**About this exercise**
In the records below, find the line that contains "by rewrite /famV x0 invmx1." and the line that contains "Lemma GL1_conj c". Set down exactly those lines and every line between them, and nothing more.

**Provided material**

Lemma GL1_1 : GL1 fam1.
Proof. by split => // n; rewrite /fam1 red1. Qed.
Lemma GL1_M x y : GL1 x -> GL1 y -> GL1 (famM x y).
Proof.
move=> [cx x0] [cy y0]; split; last by rewrite /famM x0 y0 mulmx1.
by move=> n; rewrite /famM redM cx cy.
Qed.
Lemma GL1_V x : GL1 x -> GL1 (famV x).
Proof.
move=> gx; have ux := GL1_U gx; case: gx => cx x0; split.
  by move=> n; rewrite /famV redV // cx.
by rewrite /famV x0 invmx1.
Qed.
Lemma GL1_X x k : GL1 x -> GL1 (famX x k).
Proof. by move=> gx; elim: k => [|k IH]; [exact: GL1_1 | exact: GL1_M]. Qed.
Lemma GL1_conj c y : GL1 c -> GL1 y -> GL1 (conj c y).
Proof. by move=> gc gy; apply: GL1_M => //; apply: GL1_M => //; apply: GL1_V. Qed.
Lemma GL1_C x y : GL1 x -> GL1 y -> GL1 (famC x y).
Proof. by move=> gx gy; apply: GL1_M; apply: GL1_M => //; apply: GL1_V. Qed.

Lemma agree_down x y N N' : GL1 x -> GL1 y -> x N = y N -> (N' <= N)%N ->
  x N' = y N'.
Proof.
move=> [cx _] [cy _] + /subnK le; rewrite -le; elim: (N - N')%N => [|d IH] // xyN.
by apply: IH; rewrite -cx -cy; exact: (congr1 (@red _ _ _) xyN).
Qed.
End Levels.

Section Subgroups.
Variables (p m : nat).
Hypothesis p_gt1 : (1 < p)%N.
Local Notation fam := (fam p m).
Local Notation fam1 := (fam1 p m).
Local Notation U := (@U p m).
Local Notation GL1 := (@GL1 p m).
Local Notation fset := (fset p m).
Local Notation subgroup := (@subgroup p m).
Local Notation pclosure := (@pclosure p m).
Local Notation gen := (@gen p m).
Local Notation cgen := (@cgen p m).
Local Notation subs := (@subs p m).
Local Notation congr := (@congr p m).

Section Closure.
Variable H : fset.
Hypothesis sgH : subgroup H.

Lemma sg_GL1 x : H x -> GL1 x. Proof. by case: sgH => sH _; apply: sH. Qed.
Lemma sg_U x : H x -> U x. Proof. by move/sg_GL1/GL1_U; apply. Qed.
Lemma sg_1 : H fam1. Proof. by case: sgH => _ []. Qed.
Lemma sg_M x y : H x -> H y -> H (famM x y).
Proof. by case: sgH => _ [_ []] HM _; apply: HM. Qed.
Lemma sg_V x : H x -> H (famV x). Proof. by case: sgH => _ [_ []] _ HV; apply: HV. Qed.
Lemma sg_X x k : H x -> H (famX x k).
Proof. by move=> Hx; elim: k => [|k IH]; [exact: sg_1 | exact: sg_M]. Qed.
Lemma sg_conj c y : H c -> H y -> H (conj c y).
Proof. by move=> Hc Hy; do 2 (apply: sg_M => //); apply: sg_V. Qed.
Lemma sg_C x y : H x -> H y -> H (famC x y).
Proof. by move=> Hx Hy; do 2 apply: sg_M => //; apply: sg_V. Qed.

**Solved problem**
by rewrite /famV x0 invmx1.
Qed.
Lemma GL1_X x k : GL1 x -> GL1 (famX x k).
Proof. by move=> gx; elim: k => [|k IH]; [exact: GL1_1 | exact: GL1_M]. Qed.
Lemma GL1_conj c y : GL1 c -> GL1 y -> GL1 (conj c y).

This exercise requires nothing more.